About a general point

Suppose ${\displaystyle f}$ is a function of one variable and ${\displaystyle x_{0}}$ is a point in the domain such that ${\displaystyle f}$ is ${\displaystyle (n+1)}$ times differentiable at ${\displaystyle x_{0}}$. Denote by ${\displaystyle R_{n}(f;x_{0})}$ the function of ${\displaystyle x}$ given by ${\displaystyle x\mapsto f(x)-P_{n}(f;x_{0})(x)}$, i.e., ${\displaystyle R_{n}(f;x_{0})}$ is the remainder when we subtract from ${\displaystyle f}$ its ${\displaystyle n^{th}}$ Taylor polynomial at ${\displaystyle x_{0}}$.

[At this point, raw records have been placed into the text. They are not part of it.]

(* Algebraic heart of sufficiency: with a = f_333, (al, be, ga) = (f_113, f_123,
   f_223) and (c0, .., c3) = (f_111, f_112, f_122, f_222), the conditions force
   f = a (x_3^3 - 3 x_3 U V + U^3 + V^3) for two linear forms U, V in x_1, x_2. *)
Lemma reducible_normal_form (C : numClosedFieldType) (a al be ga c0 c1 c2 c3 : C) :
  a != 0 -> 4%:R * al * ga - be ^+ 2 != 0 ->
  al * (4%:R * al * ga - be ^+ 2) + 3%:R * (c1 ^+ 2 - 3%:R * c0 * c2) * a = 0 ->
  be * (4%:R * al * ga - be ^+ 2) + 3%:R * (c1 * c2 - 9%:R * c0 * c3) * a = 0 ->
  ga * (4%:R * al * ga - be ^+ 2) + 3%:R * (c2 ^+ 2 - 3%:R * c1 * c3) * a = 0 ->
  exists U1 U2 V1 V2 : C,
   [/\ al = - 3%:R * a * (U1 * V1), be = - 3%:R * a * (U1 * V2 + U2 * V1),
       ga = - 3%:R * a * (U2 * V2) & [/\ c0 = a * (U1 ^+ 3 + V1 ^+ 3),
       c1 = 3%:R * a * (U1 ^+ 2 * U2 + V1 ^+ 2 * V2),
       c2 = 3%:R * a * (U1 * U2 ^+ 2 + V1 * V2 ^+ 2) &
       c3 = a * (U2 ^+ 3 + V2 ^+ 3)]].
Proof.
move=> a0 disc0 P1 P2 P3.
have [u1 [u2 [v1 [v2 [eal ebe ega d0]]]]] := quadratic_part_split a0 disc0.
have [A [B [Cc [E [e0 e1 e2 e3]]]]] := binary_cubic_in_basis c0 c1 c2 c3 a0 d0.
subst al be ga c0 c1 c2 c3.
have [eB eC eBC] := conditions_in_basis a0 d0 P1 P2 P3.
have [B0 C0 AE1] := cubic_invariant_system eB eC eBC; subst B Cc.
have A0 : A != 0 by apply: contra_eq_neq AE1 => ->; rewrite mul0r eq_sym oner_eq0.
pose t := 3.-root A.
have t3 : t ^+ 3 = A by rewrite rootCK.
have t0 : t != 0 by rewrite rootC_eq0.
have E_t : E = (t ^+ 3)^-1 by rewrite t3 -{1}(mulKf A0 E) AE1 mulr1.
exists (t * u1), (t * u2), (v1 / t), (v2 / t).
by rewrite E_t -t3; split; [field|field|field|split; field].
Qed.

Definition vec3 (T : Type) (x y z : T) (j : 'I_3) : T := nth x [:: x; y; z] j.

(* Sufficiency, explicitly: with U = U1 x_1 + U2 x_2, V = V1 x_1 + V2 x_2 and w a
   primitive cube root of unity,
     a (x_3^3 - 3 x_3 U V + U^3 + V^3)
       = a (x_3 + U + V) (x_3 + w U + w^2 V) (x_3 + w^2 U + w V),
   where w U + w^2 V = m + s n and w^2 U + w V = m - s n for
   m = -(U + V)/2, n = (U - V)/2 and s^2 = -3. *)
Lemma cubic_normal_form_reducible (C : numClosedFieldType) (f : {mpoly C[3]})
    (a U1 U2 V1 V2 : C) :
  f \is 3.-homog -> cf3 f i3 i3 i3 = a -> cf3 f i1 i3 i3 = 0 -> cf3 f i2 i3 i3 = 0 ->
  [/\ cf3 f i1 i1 i3 = - 3%:R * a * (U1 * V1),
      cf3 f i1 i2 i3 = - 3%:R * a * (U1 * V2 + U2 * V1) &
      cf3 f i2 i2 i3 = - 3%:R * a * (U2 * V2)] ->
  [/\ cf3 f i1 i1 i1 = a * (U1 ^+ 3 + V1 ^+ 3),
      cf3 f i1 i1 i2 = 3%:R * a * (U1 ^+ 2 * U2 + V1 ^+ 2 * V2),
      cf3 f i1 i2 i2 = 3%:R * a * (U1 * U2 ^+ 2 + V1 * V2 ^+ 2) &
      cf3 f i2 i2 i2 = a * (U2 ^+ 3 + V2 ^+ 3)] ->
  completely_reducible f.
Proof.
move=> f_homog f333 f133 f233 [f113 f123 f223] [f111 f112 f122 f222].
pose s := sqrtC (-3 : C).
have s2 : s ^+ 2 = -3 by rewrite sqrtCK.
pose l := linear_form (vec3 (a * (U1 + V1)) (a * (U2 + V2)) a).
pose m := linear_form (vec3 (- (U1 + V1) / 2%:R) (- (U2 + V2) / 2%:R) 1).
pose n := linear_form (vec3 ((U1 - V1) / 2%:R) ((U2 - V2) / 2%:R) 0).
exists l, (m + s *: n), (m - s *: n).
split; rewrite ?rpredD ?rpredB ?rpredN ?rpredZ ?linear_form_homog //.
have -> : l * (m + s *: n) * (m - s *: n) = l * m * m - s ^+ 2 *: (l * n * n).
  by rewrite -!mul_mpolyC rmorphXn /=; ring.
apply/mpolyP => M; rewrite mcoeffB mcoeffZ !mcoeff_linear_form_mul3 s2.
have [/eqP M_deg|M_deg] := boolP (mdeg M == 3%N); last first.
  by rewrite !cubic_coef_ndeg // (dhomog_nemf_coeff f_homog) ?mulr0 ?subr0.
have n2 : 2%:R != 0 :> C by rewrite pnatr_eq0.
move: M M_deg; apply: cubic_mnm_ind;
  rewrite !cubic_coefE !cubic_mnmE !sum_ord3 /= ?mulr1 ?mulr0 ?addr0 ?add0r;
  rewrite -?[f@_(_)]/(cf3 f _ _ _) ?f333 ?f133 ?f233 ?f113 ?f123 ?f223 ?f111 ?f112 ?f122 ?f222;
  by rewrite /vec3 /=; field.
Qed.
(* In the $T$-period model described in the context, with short sales prohibitions (admissible strategies are predictable self-financing with $h_m(t)\ge 0$ for $m\ge 1$), if there is no multi-period arbitrage under model uncertainty, then there exists a weak risk neutral nonlinear expectation: a nonempty family $\mathcal{Q}$ of probability measures on $\Omega$ with $\sup_{Q\in\mathcal{Q}}Q(\omega)>0$ for all $\omega\in\Omega$ such that for all $0\le t\le u\le T$, all $m=1,\dots,M$ and all $\omega\in\Omega$, $$\inf_{Q\in\mathcal{Q},\,Q(\omega)>0}E_Q[S_m^*(u)\mid\mathcal{F}_t](\omega)\le S_m^*(t)(\omega).$$
   Context: Multi-period model: $\Omega=\{\omega_1,\dots,\omega_K\}$ is finite with a filtration $\mathcal{F}_0\subseteq\cdots\subseteq\mathcal{F}_T$, $\mathcal{F}_0$ trivial and $\mathcal{F}_T=2^\Omega$. $\mathcal{P}$ is a nonempty family of probability measures on $\Omega$ with $\sup_{P\in\mathcal{P}}P(\omega)>0$ for all $\omega$. Bond: $S_0(0)=1$, $S_0(t)=(1+r_1)\cdots(1+r_t)$, each $r_t\ge 0$ $\mathcal{F}_{t-1}$-measurable. Risky securities $S_m(t)$ are $\mathcal{F}_t$-measurable with $S_m(0)>0$. Discounted prices $S_m^*(t)=S_m(t)/S_0(t)$, $\Delta S_m^*(t)=S_m^*(t)-S_m^*(t-1)$. A trading strategy $H=(h(t))_{t=1}^T$, $h(t)=(h_0(t),\dots,h_M(t))$ $\mathcal{F}_{t-1}$-measurable; $V^*(0)=h_0(1)+\sum_m h_m(1)S_m^*(0)$, $V^*(t)=h_0(t)+\sum_m h_m(t)S_m^*(t)$. $H$ is self-financing if $[h_0(t+1)-h_0(t)]+\sum_m[h_m(t+1)-h_m(t)]S_m^*(t)=0$ for $t=1,\dots,T-1$. An admissible self-financing $H$ is a multi-period arbitrage under model uncertainty if $V^*(0)=0$, $V^*(T)\ge 0$ on $\Omega$, and $\sup_{P\in\mathcal{P}}E_P[V^*(T)]>0$. For $Q$ with $Q(\omega)>0$, $E_Q[X\mid\mathcal{F}_t](\omega)$ is the $Q$-average of $X$ over the $\mathcal{F}_t$-atom containing $\omega$. *)

From HB Require Import structures.
From mathcomp Require Import all_boot all_order all_algebra.
From mathcomp Require Import boolp classical_sets reals.
Set Implicit Arguments. Unset Strict Implicit. Unset Printing Implicit Defensive.
Import Order.TTheory GRing.Theory Num.Theory.
Local Open Scope ring_scope.
Local Open Scope classical_set_scope.

Section Market.
Variables (R : realType) (Omega : finType).

(* A filtration F_0 ⊆ ... ⊆ F_T on the finite Omega is given by its atoms:
   atom t w = the F_t-atom containing w. *)
Definition is_filtration (T : nat) (atom : nat -> Omega -> {set Omega}) : Prop :=
  [/\ (forall t w, (t <= T)%N -> w \in atom t w),
      (forall t w w', (t <= T)%N -> w' \in atom t w -> atom t w' = atom t w),
      (forall t w, (t < T)%N -> atom t.+1 w \subset atom t w),
      (forall w, atom 0%N w = finset.setTfor Omega) &
      (forall w, atom T w = finset.set1 w)].

Definition meas_at (atom : nat -> Omega -> {set Omega}) (t : nat) (X : Omega -> R) : Prop :=
  forall w w', w' \in atom t w -> X w' = X w.
(* Let $(N_0,c,w,P)$ be an RS-situation and $(N_0,v)$ the corresponding RS-game. Then $x\in Core(N_0,v)$ if and only if there exists $w^*=(w_i^* )_{i\in N}\in\mathbb{R}^n$ with $w_i^*\ge c$ for all $i\in N$ and $\sum_{i\in S}\Pi_i^{ret}(q_i^c;w_i^* )\ge v(S)$ for all nonempty $S\subseteq N$, such that \[x_0=\sum_{i\in N}\Pi_i^{sup}(q_i^c;w_i^* )\quad\text{and}\quad x_i=\Pi_i^{ret}(q_i^c;w_i^* )\ \text{ for } i\in N.\]
   Context: Let $c\in\mathbb{R}$. An RS-problem is a triple $(c,w,p)$ where $w:\mathbb{R}_+\to(c,+\infty)$ is decreasing (non-increasing) and continuous, and $p:\mathbb{R}_+\to\mathbb{R}$ is decreasing (non-increasing) and continuous, satisfies $p(0)>w(0)$, and there exists $q>0$ with $p(q)=c$. An RS-situation is a tuple $(N_0,c,w,P)$ where $N=\{1,\dots,n\}$ is the set of retailers, $0$ denotes the supplier, $N_0=N\cup\{0\}$, $P=(p_1,\dots,p_n)$, and $(c,w,p_i)$ is an RS-problem for each $i\in N$. For $S\subseteq N$ write $S_0=S\cup\{0\}$. For $q\ge0$ and $\omega\in\mathbb{R}$, $\Pi_i^{ret}(q;\omega)=(p_i(q)-\omega)q$ and $\Pi_i^{sup}(q;\omega)=(\omega-c)q$. For nonempty $S\subseteq N$, $(q_i^S)_{i\in S}$ is a fixed optimal solution of: maximize $\sum_{i\in S}(p_i(q_i)-w(q_S))q_i$ over $q\in\mathbb{R}_+^{S}$ subject to $p_i(q_i)\ge w(q_S)$ for all $i\in S$, where $q_S=\sum_{i\in S}q_i$; $q_S^S=\sum_{i\in S}q_i^S$. For $i\in N$, $q_i^c$ is a fixed optimal solution of: maximize $(p_i(q)-c)q$ over $q\ge0$ subject to $p_i(q)\ge c$. The corresponding RS-game $(N_0,v)$ is the TU game on $N_0$ with $v(\emptyset)=0$ and, for all $S\subseteq N$, $v(S)=\sum_{i\in S}\Pi_i^{ret}(q_i^S;w(q_S^S))$ and $v(S_0)=\sum_{i\in S}\Pi_i^{ret}(q_i^c;c)$. The core is $Core(N_0,v)=\{x\in\mathbb{R}^{N_0}: \sum_{i\in N_0}x_i=v(N_0),\ \sum_{i\in T}x_i\ge v(T)\text{ for all }T\subset N_0\}$. *)

From HB Require Import structures.
From mathcomp Require Import all_boot all_order all_algebra.
From mathcomp Require Import all_classical all_reals topology normedtype.
Set Implicit Arguments. Unset Strict Implicit. Unset Printing Implicit Defensive.
Import Order.TTheory GRing.Theory Num.Theory numFieldNormedType.Exports.
Local Open Scope ring_scope.

Section RS.
Variable R : realType.

Definition nonincr_on_Rp (f : R -> R) : Prop :=
  forall x y : R, 0 <= x -> x <= y -> f y <= f x.

Local Open Scope classical_set_scope.
Definition RS_problem (c : R) (w p : R -> R) : Prop :=
  (forall x : R, 0 <= x -> c < w x) /\
  nonincr_on_Rp w /\
  {within `[0, +oo[%classic, continuous w} /\
  nonincr_on_Rp p /\
  {within `[0, +oo[%classic, continuous p} /\
  w 0 < p 0 /\
  (exists q : R, 0 < q /\ p q = c).

Local Close Scope classical_set_scope.

Definition RS_situation (n : nat) (c : R) (w : R -> R) (P : 'I_n -> R -> R) :=
  forall i, RS_problem c w (P i).

Definition Pi_ret (p : R -> R) (q om : R) : R := (p q - om) * q.
Definition Pi_sup (c : R) (q om : R) : R := (om - c) * q.

Definition qsum (n : nat) (S : {set 'I_n}) (q : 'I_n -> R) : R :=
  \sum_(i in S) q i.

Definition S_objective (n : nat) (w : R -> R) (P : 'I_n -> R -> R)
  (S : {set 'I_n}) (q : 'I_n -> R) : R :=
  \sum_(i in S) (P i (q i) - w (qsum S q)) * q i.

Definition S_feasible (n : nat) (w : R -> R) (P : 'I_n -> R -> R)
  (S : {set 'I_n}) (q : 'I_n -> R) : Prop :=
  forall i, i \in S -> 0 <= q i /\ w (qsum S q) <= P i (q i).

(* (q_i^S)_{i in S} is an optimal solution of the coalition problem of S
   (only the values on S are relevant). *)
Definition S_optimal (n : nat) (w : R -> R) (P : 'I_n -> R -> R)
  (S : {set 'I_n}) (q : 'I_n -> R) : Prop :=
  S_feasible w P S q /\
  forall q' : 'I_n -> R, S_feasible w P S q' ->
    S_objective w P S q' <= S_objective w P S q.

Definition c_optimal (c : R) (p : R -> R) (q : R) : Prop :=
  [/\ 0 <= q, c <= p q &
      forall q' : R, 0 <= q' -> c <= p q' -> Pi_ret p q' c <= Pi_ret p q c].

(* The RS-game on N_0 = option 'I_n (None = supplier 0). *)
Definition RS_game (n : nat) (c : R) (w : R -> R) (P : 'I_n -> R -> R)
  (qS : {set 'I_n} -> 'I_n -> R) (qc : 'I_n -> R)
  (T : {set option 'I_n}) : R :=
  let S := [set i : 'I_n | Some i \in T] in
  if None \in T then \sum_(i in S) Pi_ret (P i) (qc i) c
  else \sum_(i in S) Pi_ret (P i) (qS S i) (w (qsum S (qS S))).

Definition core (n : nat) (v : {set option 'I_n} -> R) (x : option 'I_n -> R) : Prop :=
  \sum_(k in [set: option 'I_n]) x k = v [set: option 'I_n] /\
  forall T : {set option 'I_n}, T \proper [set: option 'I_n] ->
    v T <= \sum_(k in T) x k.

End RS.

(* A core allocation pays retailer i at most its stand-alone profit with the
   supplier (remove i from the grand coalition) and at least v({i}) >= 0, so
   its payoff is the retail profit of q_i^c at some wholesale price
   w_i^* >= c; efficiency then forces the supplier to collect the
   margins (w_i^* - c) q_i^c.  Conversely, for such prices the coalitions with
   the supplier are covered because these margins are nonnegative, and those
   without the supplier by the hypothesis on w^*. *)
From HB Require Import structures.
From mathcomp Require Import all_boot all_order all_algebra.
From mathcomp Require Import reals.
From mathcomp Require Import lra ring.
Set Implicit Arguments. Unset Strict Implicit. Unset Printing Implicit Defensive.
Import Order.TTheory GRing.Theory Num.Theory.
Local Open Scope ring_scope.

Section OptionSets.
Variable n : nat.
Implicit Types (S : {set 'I_n}) (T : {set option 'I_n}).

Lemma None_notin_imset_Some S : (None \in Some @: S) = false.
Proof. by apply/negbTE/imsetP => -[]. Qed.

Lemma preim_Some_imset S : [set i | Some i \in Some @: S] = S.
Proof. by apply/setP => i; rewrite inE (mem_imset _ _ (@Some_inj _)). Qed.

Lemma preim_Some_setT : [set i : 'I_n | Some i \in [set: option 'I_n]] = [set: 'I_n].
Proof. by apply/setP => i; rewrite !inE. Qed.

Lemma preim_Some_setC1 i :
  [set j | Some j \in [set~ Some i]] = [set~ i] :> {set 'I_n}.
Proof. by apply/setP => j; rewrite !inE inj_eq //; apply: Some_inj. Qed.

Lemma imset_Some_preim T : None \notin T -> T = Some @: [set i | Some i \in T].
Proof.
move=> /negbTE NT; apply/setP => -[i|]; last by rewrite None_notin_imset_Some.
by rewrite (mem_imset _ _ (@Some_inj _)) inE.
Qed.

Lemma imset_Some_proper S : Some @: S \proper [set: option 'I_n].
Proof.
rewrite properT; apply/eqP => /setP /(_ None).
by rewrite None_notin_imset_Some in_setT.
Qed.

Lemma setC1_proper (k : option 'I_n) : [set~ k] \proper [set: option 'I_n].
Proof. by rewrite properT; apply/eqP => /setP /(_ k); rewrite !inE eqxx. Qed.

Variable R : realType.
Implicit Type F : option 'I_n -> R.

Lemma sum_imset_Some F S : \sum_(k in Some @: S) F k = \sum_(i in S) F (Some i).
Proof. by rewrite big_imset //; apply: in2W; apply: Some_inj. Qed.

Lemma sum_option_set F T :
  \sum_(k in T) F k = (if None \in T then F None else 0)
     + \sum_(i in [set i | Some i \in T]) F (Some i).
Proof.
rewrite (bigID (pred1 None)) /= -sum_imset_Some; congr (_ + _).
  case: ifP => NT.
    by rewrite (big_pred1 None) // => k /=; rewrite andbC; case: eqP => // ->.
  by rewrite big_pred0 // => k /=; rewrite andbC; case: eqP => // ->.
apply: eq_bigl => -[i|]; last by rewrite andbF None_notin_imset_Some.
by rewrite (mem_imset _ _ (@Some_inj _)) inE andbT.
Qed.

Lemma sum_option_setT F :
  \sum_(k in [set: option 'I_n]) F k = F None + \sum_(i < n) F (Some i).
Proof.
rewrite sum_option_set in_setT preim_Some_setT.
by congr (_ + _); apply: eq_bigl => i; rewrite inE.
Qed.

End OptionSets.

Section CoreBounds.
Variables (R : realType) (n : nat).
Variables (v : {set option 'I_n} -> R) (x : option 'I_n -> R).
Hypothesis x_core : core v x.

Lemma core_le_marginal k : x k <= v [set: option 'I_n] - v [set~ k].
Proof.
case: x_core => efficient /(_ _ (setC1_proper k)) rational.
by rewrite -efficient (big_setD1 k) ?in_setT // setTD -addrA lerDl subr_ge0.
Qed.

Lemma core_imset_Some (S : {set 'I_n}) : v (Some @: S) <= \sum_(i in S) x (Some i).
Proof.
by case: x_core => _ /(_ _ (imset_Some_proper S)); rewrite sum_imset_Some.
Qed.

End CoreBounds.

Section Prices.
Variables (R : realType) (c : R) (p : R -> R).

Lemma Pi_sup_ge0 q om : 0 <= q -> c <= om -> 0 <= Pi_sup c q om.
Proof. by move=> q_ge0 c_le_om; rewrite mulr_ge0 ?subr_ge0. Qed.

Lemma Pi_supD_ret q om : Pi_sup c q om + Pi_ret p q om = Pi_ret p q c.
Proof. rewrite /Pi_sup /Pi_ret; ring. Qed.

(* The wholesale price at which selling q yields retail profit y; the value
   for q = 0 is arbitrary, and only y = 0 is then attainable. *)
Definition price_for_profit (q y : R) : R := if q == 0 then c else p q - y / q.

Lemma Pi_ret_price_for_profit q y :
  0 <= y -> y <= Pi_ret p q c -> Pi_ret p q (price_for_profit q y) = y.
Proof.
rewrite /price_for_profit /Pi_ret; case: eqP => [-> | /eqP q_neq0] y_ge0.
  by rewrite !mulr0 => y_le0; apply/le_anti; rewrite y_le0 y_ge0.
by rewrite subKr mulfVK.
Qed.

Lemma price_for_profit_ge q y :
  0 <= q -> y <= Pi_ret p q c -> c <= price_for_profit q y.
Proof.
rewrite /price_for_profit; case: eqP => // /eqP q_neq0 q_ge0 y_le.
have q_gt0 : 0 < q by rewrite lt_def q_neq0.
by rewrite lerBrDr -lerBrDl ler_pdivrMr.
Qed.

End Prices.

Section RSGame.
Variables (R : realType) (n : nat) (c : R) (w : R -> R) (P : 'I_n -> R -> R).
Variables (qS : {set 'I_n} -> 'I_n -> R) (qc : 'I_n -> R).
Hypothesis situation : RS_situation c w P.
Hypothesis qS_optimal : forall S : {set 'I_n}, S != set0 -> S_optimal w P S (qS S).
Hypothesis qc_ge0 : forall i, 0 <= qc i.

Local Notation v := (RS_game c w P qS qc).

Lemma RS_game_supplier (T : {set option 'I_n}) :
  None \in T -> v T = \sum_(i in [set i | Some i \in T]) Pi_ret (P i) (qc i) c.
Proof. by rewrite /RS_game => ->. Qed.

Lemma RS_game_retailers (S : {set 'I_n}) :
  v (Some @: S) = \sum_(i in S) Pi_ret (P i) (qS S i) (w (qsum S (qS S))).
Proof. by rewrite /RS_game None_notin_imset_Some preim_Some_imset. Qed.

(* Ordering nothing is feasible, since w 0 < p_i 0. *)
Lemma RS_game_retailers_ge0 (S : {set 'I_n}) : 0 <= v (Some @: S).
Proof.
have [-> | S_neq0] := eqVneq S set0; first by rewrite RS_game_retailers big_set0.
rewrite RS_game_retailers; case: (qS_optimal S_neq0) => _ /(_ (fun=> 0)).
rewrite /S_objective big1 => [|i _]; last by rewrite mulr0.
apply=> i _; split=> //; rewrite /qsum big1 //.
by case: (situation i) => [_ [_ [_ [_ [_ [/ltW ? _]]]]]].
Qed.

Lemma RS_game_marginal_retailer i :
  v [set: option 'I_n] - v [set~ Some i] = Pi_ret (P i) (qc i) c.
Proof.
rewrite !RS_game_supplier ?inE // preim_Some_setT preim_Some_setC1.
by rewrite (big_setD1 i) ?in_setT // setTD addrK.
Qed.

Section CoreToPrices.
Variable x : option 'I_n -> R.
Hypothesis x_core : core v x.

Lemma core_retailer_ge0 i : 0 <= x (Some i).
Proof.
have := core_imset_Some x_core [set i]; rewrite big_set1.
exact/le_trans/RS_game_retailers_ge0.
Qed.

Lemma core_retailer_le i : x (Some i) <= Pi_ret (P i) (qc i) c.
Proof. by rewrite -RS_game_marginal_retailer; apply: core_le_marginal. Qed.

Let wst i := price_for_profit c (P i) (qc i) (x (Some i)).

Lemma core_retailer_price i : x (Some i) = Pi_ret (P i) (qc i) (wst i).
Proof. by rewrite Pi_ret_price_for_profit ?core_retailer_ge0 ?core_retailer_le. Qed.

Lemma core_supplier_price : x None = \sum_(i < n) Pi_sup c (qc i) (wst i).
Proof.
case: x_core => efficient _.
move: efficient; rewrite sum_option_setT RS_game_supplier ?inE // preim_Some_setT.
have -> : \sum_(i in [set: 'I_n]) Pi_ret (P i) (qc i) c
        = \sum_(i < n) (Pi_sup c (qc i) (wst i) + x (Some i)).
  apply: eq_big => i; rewrite ?inE // => _.
  by rewrite core_retailer_price Pi_supD_ret.
rewrite big_split /=; lra.
Qed.

Lemma core_prices : exists wst : 'I_n -> R,
  [/\ (forall i, c <= wst i),
      (forall S : {set 'I_n}, S != set0 ->
         v (Some @: S) <= \sum_(i in S) Pi_ret (P i) (qc i) (wst i)),
      x None = \sum_(i < n) Pi_sup c (qc i) (wst i)
    & forall i, x (Some i) = Pi_ret (P i) (qc i) (wst i)].
Proof.
exists wst; split=> [i | S _ | | i].
- by apply: price_for_profit_ge; [exact: qc_ge0 | exact: core_retailer_le].
- under eq_bigr => i _ do rewrite -core_retailer_price.
  exact: core_imset_Some.
- exact: core_supplier_price.
- exact: core_retailer_price.
Qed.

End CoreToPrices.

Section PricesToCore.
Variables (wst : 'I_n -> R) (x : option 'I_n -> R).
Hypothesis wst_ge : forall i, c <= wst i.
Hypothesis wst_rational : forall S : {set 'I_n}, S != set0 ->
  v (Some @: S) <= \sum_(i in S) Pi_ret (P i) (qc i) (wst i).
Hypothesis x_supplier : x None = \sum_(i < n) Pi_sup c (qc i) (wst i).
Hypothesis x_retailer : forall i, x (Some i) = Pi_ret (P i) (qc i) (wst i).

Lemma prices_efficient : \sum_(k in [set: option 'I_n]) x k = v [set: option 'I_n].
Proof.
rewrite sum_option_setT x_supplier RS_game_supplier ?inE // preim_Some_setT.
under [in RHS]eq_bigl => i do rewrite inE.
rewrite -big_split /=; apply: eq_bigr => i _.
by rewrite x_retailer Pi_supD_ret.
Qed.

Lemma prices_rational_supplier (T : {set option 'I_n}) :
  None \in T -> v T <= \sum_(k in T) x k.
Proof.
move=> NT; rewrite RS_game_supplier // sum_option_set NT x_supplier.
set S := [set i | Some i \in T].
under [X in _ <= _ + X]eq_bigr => i _ do rewrite x_retailer.
have sup_ge0 i : 0 <= Pi_sup c (qc i) (wst i) by apply: Pi_sup_ge0.
rewrite [\sum_(i < n) _](bigID (mem S)) /= addrAC -big_split /=.
under [X in _ <= X + _]eq_bigr => i _ do rewrite Pi_supD_ret.
by rewrite lerDl sumr_ge0.
Qed.

Lemma prices_rational_retailers (S : {set 'I_n}) :
  v (Some @: S) <= \sum_(k in Some @: S) x k.
Proof.
rewrite sum_imset_Some; under eq_bigr => i _ do rewrite x_retailer.
have [-> | S_neq0] := eqVneq S set0; last exact: wst_rational.
by rewrite RS_game_retailers !big_set0.
Qed.

Lemma prices_core : core v x.
Proof.
split; first exact: prices_efficient.
move=> T _; have [/prices_rational_supplier // | NT] := boolP (None \in T).
by rewrite (imset_Some_preim NT); apply: prices_rational_retailers.
Qed.

End PricesToCore.

End RSGame.

Theorem theorem5p6 (R : realType) (n : nat) (c : R) (w : R -> R)
  (P : 'I_n -> R -> R)
  (qS : {set 'I_n} -> 'I_n -> R) (qc : 'I_n -> R)
  (Hsit : RS_situation c w P)
  (HqS : forall S : {set 'I_n}, S != set0 -> S_optimal w P S (qS S))
  (Hqc : forall i : 'I_n, c_optimal c (P i) (qc i))
  (x : option 'I_n -> R) :
  core (RS_game c w P qS qc) x <->
  exists wst : 'I_n -> R,
    [/\ (forall i : 'I_n, c <= wst i),
        (forall S : {set 'I_n}, S != set0 ->
           RS_game c w P qS qc (Some @: S)
             <= \sum_(i in S) Pi_ret (P i) (qc i) (wst i)),
        x None = \sum_(i < n) Pi_sup c (qc i) (wst i)
      & forall i : 'I_n, x (Some i) = Pi_ret (P i) (qc i) (wst i)].
Proof.
have qc_ge0 i : 0 <= qc i by case: (Hqc i).
split; first exact: core_prices.
case=> wst [wst_ge wst_rational x_supplier x_retailer].
exact: (prices_core (x := x) qc_ge0 wst_ge wst_rational x_supplier x_retailer).
Qed.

For any ${\displaystyle x}$, let ${\displaystyle J}$ is the interval between ${\displaystyle x}$ and ${\displaystyle x_{0}}$ (it might be the interval ${\displaystyle [x,x_{0}]}$ or ${\displaystyle [x_{0},x]}$ depending on whether ${\displaystyle x<x_{0}}$ or ${\displaystyle x>x_{0}}$). If ${\displaystyle f}$ is ${\displaystyle n+1}$ times differentiable everywhere on ${\displaystyle J}$, then we have:

${\displaystyle |R_{n}(f;x_{0})(x)|\leq \left(\sup _{t\in J}|f^{(n+1)}(t)|\right){\frac {|x-x_{0}|^{n+1}}{(n+1)!}}}$

If ${\displaystyle f^{(n+1)})}$ is continuous on ${\displaystyle J}$, the ${\displaystyle \sup }$ can be replaced by ${\displaystyle \max }$:

${\displaystyle |R_{n}(f;x_{0})(x)|\leq \left(\max _{t\in J}|f^{(n+1)}(t)|\right){\frac {|x-x_{0}|^{n+1}}{(n+1)!}}}$

About the point 0

Suppose ${\displaystyle f}$ is a function of one variable such that ${\displaystyle f}$ is ${\displaystyle (n+1)}$ times differentiable at ${\displaystyle 0}$. Denote by ${\displaystyle R_{n}(f;0)}$ the function of ${\displaystyle x}$ given by ${\displaystyle x\mapsto f(x)-P_{n}(f;0)(x)}$, i.e., ${\displaystyle R_{n}(f;0)}$ is the remainder when we subtract from ${\displaystyle f}$ its ${\displaystyle n^{th}}$ Taylor polynomial at ${\displaystyle 0}$.

For any ${\displaystyle x}$, let ${\displaystyle J}$ is the interval between ${\displaystyle x}$ and ${\displaystyle 0}$ (it might be the interval ${\displaystyle [x,0]}$ or ${\displaystyle [0,x]}$ depending on whether ${\displaystyle x<0}$ or ${\displaystyle x>0}$). If ${\displaystyle f}$ is ${\displaystyle n+1}$ times differentiable everywhere on ${\displaystyle J}$, then we have:

${\displaystyle |R_{n}(f;0)(x)|\leq \left(\sup _{t\in J}|f^{(n+1)}(t)|\right){\frac {|x|^{n+1}}{(n+1)!}}}$

If ${\displaystyle f^{(n+1)})}$ is continuous on ${\displaystyle J}$, the ${\displaystyle \sup }$ can be replaced by ${\displaystyle \max }$:

${\displaystyle |R_{n}(f;0)(x)|\leq \left(\max _{t\in J}|f^{(n+1)}(t)|\right){\frac {|x|^{n+1}}{(n+1)!}}}$